Vegan Pecan + Mushroom Meatballs

Vegan meatballs

VEGAN, GLUTEN-FREE, WHOLE-FOOD MEATBALLS

OK, so did you know that you can boil pecans and they turn soft and malleable and then when processed (with a bunch of other delicious things) turn into the most amazing texture. Honestly, blew my mind how delicious these meatballs are, and very - as much as I don’t love this descriptive word - meaty.
I’m not the biggest fan of all these fake meats on the market, I mean I was never much of a meat lover even when I wasn’t vegan. But, I just find them so overly processed that whenever I eat them I just don’t feel great. BUT, no judgment if you love them and thrive - you do you ya know. BUT, I bet I can persuade you with this meatball recipe and you will LOVE think the same;)!!
My favourite way to serve these vegan meatballs is with spaghetti and marinara, I mean can you get any more iconic? My dad used to make this dish for me when I was young, but of course the meat version with lots of cheese on top, so when I had this meal it gave me all the nice comforting nostalgic feels.

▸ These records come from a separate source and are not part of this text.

Lemma effect_spectral (Q : mx) : effect Q -> exists (P : mx) (e : 'I_n -> R),
  [/\ P *m adjmx P = 1%:M, adjmx P *m P = 1%:M,
      Q = adjmx P *m diag_mx (\row_k (e k)%:CC) *m P
    & forall k, 0 <= e k <= 1].
Proof.
move=> [Q_psd Q_le1].
have [P [d [P_unitary P_unitary' Q_diag]]] := hermitian_unitary_diag Q_psd.1.
have d_ge0 := psd_unitary_diag_ge0 Q_psd P_unitary Q_diag.
have d_real : d = \row_k (complex.Re (d 0 k))%:CC.
  by apply/rowP => k; rewrite mxE -ge0_ReE.
exists P, (fun k => complex.Re (d 0 k)); split => //; first by rewrite -d_real.
move=> k; apply/andP; split; first by have := d_ge0 k; rewrite lecE => /andP[].
have sub_diag : (1%:M : mx) - Q = adjmx P *m diag_mx (const_mx 1 - d) *m P.
  by rewrite linearB /= diag_const_mx mulmxBr mulmxBl mulmx1 P_unitary' Q_diag.
have := psd_unitary_diag_ge0 Q_le1 P_unitary sub_diag k.
by rewrite !mxE lecE => /andP[_] /=; rewrite raddfB /= subr_ge0.
Qed.

Lemma effectZ (Q : mx) c : effect Q -> 0 <= c <= 1 -> effect (c%:CC *: Q).
Proof.
move=> Q_effect /andP[c_ge0 c_le1].
have [P [e [_ P_unitary -> e01]]] := effect_spectral Q_effect.
rewrite scale_unitary_diag; apply: effect_unitary_diag => // k.
by case/andP: (e01 k) => e_ge0 e_le1; rewrite mulr_ge0 ?mulr_ile1.
Qed.

End Effects.

Section OperatorNorm.
Variables (R : realType) (n : nat).
Local Notation C := (R[i]).
Local Notation mx := ('M[C]_n).
Lemma loc_mono_agree (b : bool) (f f' : X -> X) (E : list X) (x : X) :
  (forall y, ~ In y E -> f y = f' y) -> ~ In x E -> loc_mono b f' x -> loc_mono b f x.
Proof.
  intros hE hx [d [hd Hd]].
  destruct (ball_avoiding E x hx) as [d0 [hd0 H0]].
  exists (Rmin d d0); split; [now apply Rmin_pos|].
  intros y z hy hz hyz; pose proof (Rmin_l d d0); pose proof (Rmin_r d d0).
  rewrite (hE y), (hE z) by (apply H0; lra); apply Hd; lra.
Qed.

Lemma pw_mono_eqfin (b : bool) (f f' : X -> X) : eqfin f f' -> pw_mono b f' -> pw_mono b f.
Proof.
  intros [E hE] [F hF]; exists (E ++ F); intros x hx.
  assert (hxE : ~ In x E) by (intro hin; apply hx, in_or_app; left; exact hin).
  destruct (hF x) as [hc hm]; [intro hin; apply hx, in_or_app; right; exact hin|].
  split; [exact (cont_at_agree f f' E x hE hxE hc) | exact (loc_mono_agree b f f' E x hE hxE hm)].
Qed.

Lemma loc_mono_comp (b1 b2 : bool) (f1 f2 : X -> X) (p : X) :
  cont_at f1 p -> loc_mono b1 f1 p -> cont_at f2 (f1 p) -> loc_mono b2 f2 (f1 p) ->
  cont_at (fun x => f2 (f1 x)) p /\ loc_mono (eqb b1 b2) (fun x => f2 (f1 x)) p.
Proof.
  intros c1 [d1 [hd1 H1]] c2 [d2 [hd2 H2]]; split.
  - intros eps heps; destruct (c2 eps heps) as [e2 [he2 E2]].
    destruct (c1 e2 he2) as [e1 [he1 E1]]; exists e1; split; [exact he1|].
    intros y hy; apply E2, E1, hy.
  - destruct (c1 d2 hd2) as [e1 [he1 E1]].
    exists (Rmin d1 e1); split; [now apply Rmin_pos|].
    intros y z hy hz hyz; pose proof (Rmin_l d1 e1); pose proof (Rmin_r d1 e1).
    assert (o1 : ordered b1 (v (f1 y)) (v (f1 z))) by (apply H1; lra).
    assert (k1 : Rabs (v (f1 y) - v (f1 p)) < d2) by (apply E1; lra).
    assert (k2 : Rabs (v (f1 z) - v (f1 p)) < d2) by (apply E1; lra).
    destruct b1; [specialize (H2 _ _ k1 k2 o1) | specialize (H2 _ _ k2 k1 o1)];
      destruct b2; exact H2.
Qed.

Lemma pw_mono_comp (b1 b2 : bool) (f1 f1inv f2 : X -> X) :
  (forall x, f1inv (f1 x) = x) -> pw_mono b1 f1 -> pw_mono b2 f2 ->
  pw_mono (eqb b1 b2) (fun x => f2 (f1 x)).
Proof.
  intros hinv h1 h2.
  apply (cofinitely_impl _ _ (cofinitely_and _ _ h1 (cofinitely_comp f1 f1inv _ hinv h2))).
  intros x [[c1 m1] [c2 m2]]; apply loc_mono_comp; assumption.
Qed.

(** * Continuous injective maps *)

Definition clamp (a b t : R) : R := Rmax a (Rmin b t).

Lemma clamp_bounds (a b t : R) : a <= b -> a <= clamp a b t <= b.
Proof. intros; unfold clamp, Rmax, Rmin; repeat destruct Rle_dec; lra. Qed.

Lemma clamp_id (a b t : R) : a <= t <= b -> clamp a b t = t.
Proof. intros; unfold clamp, Rmax, Rmin; repeat destruct Rle_dec; lra. Qed.

Lemma clamp_contract (a b t t' d : R) :
  a <= b -> Rabs (t - t') < d -> Rabs (clamp a b t - clamp a b t') < d.
Proof.
  intros hab h; apply Rabs_def2 in h; apply Rabs_def1;
    unfold clamp, Rmax, Rmin; repeat destruct Rle_dec; lra.
Qed.

Lemma IVT_X (g : X -> X) (lo hi : X) : v lo <= v hi ->
  (forall x, v lo <= v x <= v hi -> cont_at g x) ->
  forall w, (v (g lo) - w) * (v (g hi) - w) <= 0 ->
  exists x, v lo <= v x <= v hi /\ v (g x) = w.
Proof.
  intros hlh hc w hw.
  set (c := clamp (v lo) (v hi)).
  assert (hcv : forall t, v (toX (c t)) = c t).
  { intro t; apply v_toX; pose proof (v_range lo); pose proof (v_range hi).
    pose proof (clamp_bounds (v lo) (v hi) t hlh); unfold c; lra. }
  set (phi := fun t => v (g (toX (c t))) - w).
  assert (hphi : continuity phi).
  { intros t eps heps.
    destruct (hc (toX (c t)) ltac:(rewrite hcv; apply clamp_bounds, hlh) eps heps)
      as [d [hd Hd]].
    exists d; split; [exact hd|]; intros t' [_ ht']; simpl in *; unfold Rdist, phi in *.
    replace (v (g (toX (c t'))) - w - (v (g (toX (c t))) - w))
      with (v (g (toX (c t'))) - v (g (toX (c t)))) by ring.
    apply Hd; rewrite !hcv; apply clamp_contract; assumption. }
  assert (hend : forall x, v lo <= v x <= v hi -> phi (v x) = v (g x) - w).
  { intros x hx; unfold phi, c; rewrite clamp_id, toX_v by exact hx; reflexivity. }
  destruct (IVT_cor phi (v lo) (v hi) hphi hlh) as [t [ht e]].
  { rewrite (hend lo), (hend hi) by lra; exact hw. }
  exists (toX (c t)); rewrite hcv; unfold c; rewrite clamp_id by exact ht.
  split; [exact ht|]; unfold phi, c in e; rewrite clamp_id in e by exact ht; lra.
Qed.

Lemma cont_inj_no_extremum (g ginv : X -> X) (x y z : X) (w : R) :
  (forall x, ginv (g x) = x) -> v x < v y < v z ->
  (forall u, v x <= v u <= v z -> cont_at g u) ->
  (v (g x) - w) * (v (g y) - w) < 0 -> (v (g y) - w) * (v (g z) - w) < 0 -> False.
Proof.
  intros hinv hxyz hc hxy hyz.
  destruct (IVT_X g x y ltac:(lra) ltac:(intros; apply hc; lra) w ltac:(lra))
    as [u1 [hu1 e1]].
  destruct (IVT_X g y z ltac:(lra) ltac:(intros; apply hc; lra) w ltac:(lra))
    as [u2 [hu2 e2]].
  assert (e : u1 = u2) by (apply (left_inv_v_inj g ginv); [exact hinv | lra]).
  subst u2; replace u1 with y in e1 by (apply v_inj; lra).
  rewrite e1, Rminus_diag, Rmult_0_r in hxy; lra.
Qed.

Lemma cont_inj_triple (g ginv : X -> X) (lo hi : X) :
  (forall x, ginv (g x) = x) -> (forall x, v lo <= v x <= v hi -> cont_at g x) ->
  forall x y z, v lo <= v x -> v x < v y -> v y < v z -> v z <= v hi ->
  (v (g x) < v (g y) < v (g z)) \/ (v (g z) < v (g y) < v (g x)).
Proof.
  intros hinv hc x y z h1 h2 h3 h4.
  assert (hc' : forall u, v x <= v u <= v z -> cont_at g u) by (intros; apply hc; lra).
  assert (nx : v (g x) <> v (g y)).
  { intro e; pose proof (left_inv_v_inj g ginv x y hinv e); subst; lra. }
  assert (nz : v (g z) <> v (g y)).
  { intro e; pose proof (left_inv_v_inj g ginv z y hinv e); subst; lra. }
  destruct (Rtotal_order (v (g x)) (v (g y))) as [hxy | [hxy | hxy]]; [|contradiction|];
  destruct (Rtotal_order (v (g z)) (v (g y))) as [hzy | [hzy | hzy]]; try contradiction;
  try (left; lra); try (right; lra); exfalso.
  - set (w := (Rmax (v (g x)) (v (g z)) + v (g y)) / 2).
    pose proof (Rmax_l (v (g x)) (v (g z))); pose proof (Rmax_r (v (g x)) (v (g z))).
    pose proof (Rmax_lub_lt _ _ _ hxy hzy).
    assert (hw : v (g x) < w /\ v (g z) < w /\ w < v (g y)) by (unfold w; lra).
    apply (cont_inj_no_extremum g ginv x y z w hinv ltac:(lra) hc'); nra.
  - set (w := (Rmin (v (g x)) (v (g z)) + v (g y)) / 2).
    pose proof (Rmin_l (v (g x)) (v (g z))); pose proof (Rmin_r (v (g x)) (v (g z))).
    pose proof (Rmin_glb_lt _ _ _ hxy hzy).
    assert (hw : w < v (g x) /\ w < v (g z) /\ v (g y) < w) by (unfold w; lra).
    apply (cont_inj_no_extremum g ginv x y z w hinv ltac:(lra) hc'); nra.
Qed.

Lemma triple_mono (phi : X -> R) (lo hi : X) :
  (forall x y z, v lo <= v x -> v x < v y -> v y < v z -> v z <= v hi ->
     (phi x < phi y < phi z) \/ (phi z < phi y < phi x)) ->
  phi lo < phi hi ->
  forall x y, v lo <= v x -> v x < v y -> v y <= v hi -> phi x < phi y.
Proof.
  intros H hlh.
  assert (from_lo : forall y, v lo < v y -> v y <= v hi -> phi lo < phi y).
  { intros y h1 [h2 | e]; [|rewrite (v_inj _ _ e); exact hlh].
    destruct (H lo y hi) as [o | o]; lra. }
  intros x y [h1 | e] h2 h3; [|rewrite <- (v_inj _ _ e); apply from_lo; lra].
  pose proof (from_lo y ltac:(lra) h3); destruct (H lo x y) as [o | o]; lra.
Qed.

Lemma cont_inj_monotone (g ginv : X -> X) (lo hi : X) :
  (forall x, ginv (g x) = x) -> v lo < v hi ->
  (forall x, v lo <= v x <= v hi -> cont_at g x) ->
  (forall x y, v lo <= v x -> v x < v y -> v y <= v hi -> v (g x) < v (g y)) \/
  (forall x y, v lo <= v x -> v x < v y -> v y <= v hi -> v (g y) < v (g x)).
Proof.
  intros hinv hlh hc; pose proof (cont_inj_triple g ginv lo hi hinv hc) as H.
  destruct (Rtotal_order (v (g lo)) (v (g hi))) as [o | [e | o]].
  - left; apply (triple_mono (fun x => v (g x))); assumption.
  - pose proof (left_inv_v_inj g ginv lo hi hinv e); subst; lra.
  - right; intros x y h1 h2 h3.
    enough (- v (g x) < - v (g y)) by lra.
    apply (triple_mono (fun x => - v (g x)) lo hi); [|lra | assumption..].
    intros a b c ha hab hbc hc'; destruct (H a b c ha hab hbc hc'); [right | left]; lra.
Qed.

Lemma cont_inj_loc_mono (g ginv : X -> X) (x : X) (d0 : R) :
  (forall x, ginv (g x) = x) -> 0 < d0 ->
  (forall y, Rabs (v y - v x) < d0 -> cont_at g y) ->
  loc_mono true g x \/ loc_mono false g x.
Proof.
  intros hinv hd0 hc; pose proof (v_range x) as hx.
  set (d := Rmin d0 (1 - v x) / 2).
  assert (hd : 0 < d /\ d < d0 /\ d < 1 - v x) by (unfold d, Rmin; destruct Rle_dec; lra).
  set (lo := toX (Rmax 0 (v x - d))); set (hi := toX (v x + d)).
  assert (hlo : v x - d <= v lo <= v x /\ (v lo = 0 \/ v lo = v x - d)).
  { unfold lo; rewrite v_toX; unfold Rmax; destruct Rle_dec; lra. }
  assert (hhi : v hi = v x + d) by (apply v_toX; lra).
  assert (hball : forall y, Rabs (v y - v x) < d -> v lo <= v y <= v hi).
  { intros y hy; apply Rabs_def2 in hy; pose proof (v_range y).
    destruct hlo as [? [? | ?]]; lra. }
  destruct (cont_inj_monotone g ginv lo hi hinv) as [H | H].
  - lra.
  - intros y hy; apply hc, Rabs_def1; lra.
  - left; exists d; split; [lra|]; intros y z hy hz hyz.
    apply hball in hy; apply hball in hz; apply H; lra.
  - right; exists d; split; [lra|]; intros y z hy hz hyz.
    apply hball in hy; apply hball in hz; apply H; lra.
Qed.

Lemma PCbow_loc_mono (g : X -> X) : PCbow_hat g ->
  cofinitely (fun x => cont_at g x /\ (loc_mono true g x \/ loc_mono false g x)).
Proof.
  intros [[ginv [hinv _]] [F hF]]; exists F; intros x hx; split; [exact (hF x hx)|].
  destruct (ball_avoiding F x hx) as [d [hd H]].
  apply (cont_inj_loc_mono g ginv x d hinv hd); intros y hy; apply hF, H, hy.
Qed.

Lemma between_of_near (b : bool) (a m c y : R) :
  ordered b a m -> ordered b m c ->
  Rabs (y - m) < Rabs (a - m) -> Rabs (y - m) < Rabs (c - m) -> (a - y) * (c - y) <= 0.
Proof. destruct b; simpl; unfold Rabs; repeat destruct Rcase_abs; nra. Qed.

Lemma cont_at_inv (b : bool) (g ginv : X -> X) (x : X) (d0 : R) :
  (forall x, ginv (g x) = x) -> 0 < v x -> 0 < d0 ->
  (forall y, Rabs (v y - v x) < d0 -> cont_at g y) -> loc_mono b g x ->
  cont_at ginv (g x).
Proof.
  intros hinv hx0 hd0 hc [dl [hdl Hdl]] eps heps; pose proof (v_range x).
  set (e := Rmin (Rmin eps d0) (Rmin dl (Rmin (v x) (1 - v x))) / 2).
  assert (he : 0 < e /\ e < eps /\ e < d0 /\ e < dl /\ e < v x /\ e < 1 - v x)
    by (unfold e, Rmin; repeat destruct Rle_dec; lra).
  set (a := toX (v x - e)); set (c := toX (v x + e)).
  assert (ha : v a = v x - e) by (apply v_toX; lra).
  assert (hc' : v c = v x + e) by (apply v_toX; lra).
  assert (oa : ordered b (v (g a)) (v (g x))) by (apply Hdl; try apply Rabs_def1; lra).
  assert (oc : ordered b (v (g x)) (v (g c))) by (apply Hdl; try apply Rabs_def1; lra).
  pose proof (Rmin_l (Rabs (v (g a) - v (g x))) (Rabs (v (g c) - v (g x)))).
  pose proof (Rmin_r (Rabs (v (g a) - v (g x))) (Rabs (v (g c) - v (g x)))).
  set (eta := Rmin (Rabs (v (g a) - v (g x))) (Rabs (v (g c) - v (g x)))) in *.
  assert (heta : 0 < eta).
  { unfold eta; apply Rmin_pos; apply Rabs_pos_lt; destruct b; simpl in *; lra. }
  exists eta; split; [exact heta|]; intros y hy.
  assert (hw : (v (g a) - v y) * (v (g c) - v y) <= 0)
    by (apply (between_of_near b _ (v (g x))); trivial; lra).
  destruct (IVT_X g a c ltac:(lra) ltac:(intros u hu; apply hc, Rabs_def1; lra) (v y) hw)
    as [u [hu e_u]].
  apply v_inj in e_u; rewrite <- e_u, !hinv; apply Rabs_def1; lra.
Qed.

Lemma loc_mono_inv (b : bool) (g ginv : X -> X) (x : X) :
  (forall x, ginv (g x) = x) -> (forall y, g (ginv y) = y) ->
  loc_mono b g x -> cont_at ginv (g x) -> loc_mono b ginv (g x).
Proof.
  intros h1 h2 [dl [hdl Hdl]] hc.
  destruct (hc dl hdl) as [eta [heta Heta]]; rewrite h1 in Heta.
  exists eta; split; [exact heta|]; intros y1 y2 hy1 hy2 hy12.
  pose proof (Heta y1 hy1) as k1; pose proof (Heta y2 hy2) as k2.
  destruct (Rtotal_order (v (ginv y1)) (v (ginv y2))) as [o | [e | o]].
  - pose proof (Hdl _ _ k1 k2 o) as o'; rewrite !h2 in o'; destruct b; simpl in *; lra.
  - apply v_inj in e; apply (f_equal g) in e; rewrite !h2 in e; subst; lra.
  - pose proof (Hdl _ _ k2 k1 o) as o'; rewrite !h2 in o'; destruct b; simpl in *; lra.
Qed.

Lemma pw_mono_inv (b : bool) (g ginv : X -> X) :
  (forall x, ginv (g x) = x) -> (forall y, g (ginv y) = y) -> pw_mono b g -> pw_mono b ginv.
Proof.
  intros h1 h2 [F hF].
  assert (hgood : cofinitely (fun x => ~ In x F /\ 0 < v x)).
  { exists (x0 :: F); intros x hx; split; [intro hin; apply hx; right; exact hin|].
    destruct (v_range x) as [[hpos | hzero] _]; [exact hpos|].
    exfalso; apply hx; left; apply v_inj; exact hzero. }
  apply (cofinitely_impl _ _ (cofinitely_comp ginv g _ h2 hgood)).
  intros y [hy hy0]; rewrite <- (h2 y).
  destruct (ball_avoiding F (ginv y) hy) as [d0 [hd0 H0]].
  assert (hc : cont_at ginv (g (ginv y))).
  { apply (cont_at_inv b g ginv (ginv y) d0 h1 hy0 hd0).
    - intros u hu; apply hF, H0, hu.
    - apply hF, hy. }
  split; [exact hc | apply loc_mono_inv; [exact h1 | exact h2 | apply hF, hy | exact hc]].
Qed.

However, I had some leftover and the next day put them inside a toastie with some melted vegan cheese and boy oh boy was it good! So here you are, the perfect dinner and the perfect leftover meal. YOU ARE WELCOME! ;)


INGREDIENTS

1/2 onion, diced
2 garlic cloves, minced
2 portobello mushrooms, diced
1/2 tsp thyme, smoked paprika, cumin, chilli flakes
1 tbsp tomato paste
1 tbsp tamari
1 cup pecans (boiled for 10 mins until soft then drained)
1 can white beans, rinsed
1 cup fresh basil
1 tbsp truffle oil (optional)
1 flax egg (2 tbsp ground flax mixed with 3 tbsp water)


DIRECTIONS

Preheat oven to 180C.
Prepare the pecans. Prepare flax egg.
Heat a pan on medium heat with a touch of olive oil. Sautéed onions until soft and translucent, about 4 mins. Add in garlic, mushrooms, spices and tomato paste and sauté until mushrooms have softened, about 5 mins. Add in Tamari/soy and take off heat and set aside to cool.
Add everything to a food processor and pulse until mixed well, but don’t over process as some texture is good.
Roll into balls and place on baking sheet, allow space between each ball. Drizzle or brush over a little olive oil, bake for 25 mins or until golden brown.
Cook your spaghetti to packet instruction. Prepare your marinara in a pan, add meatballs to marinara and serve with some fresh basil and Cashew Parmesan.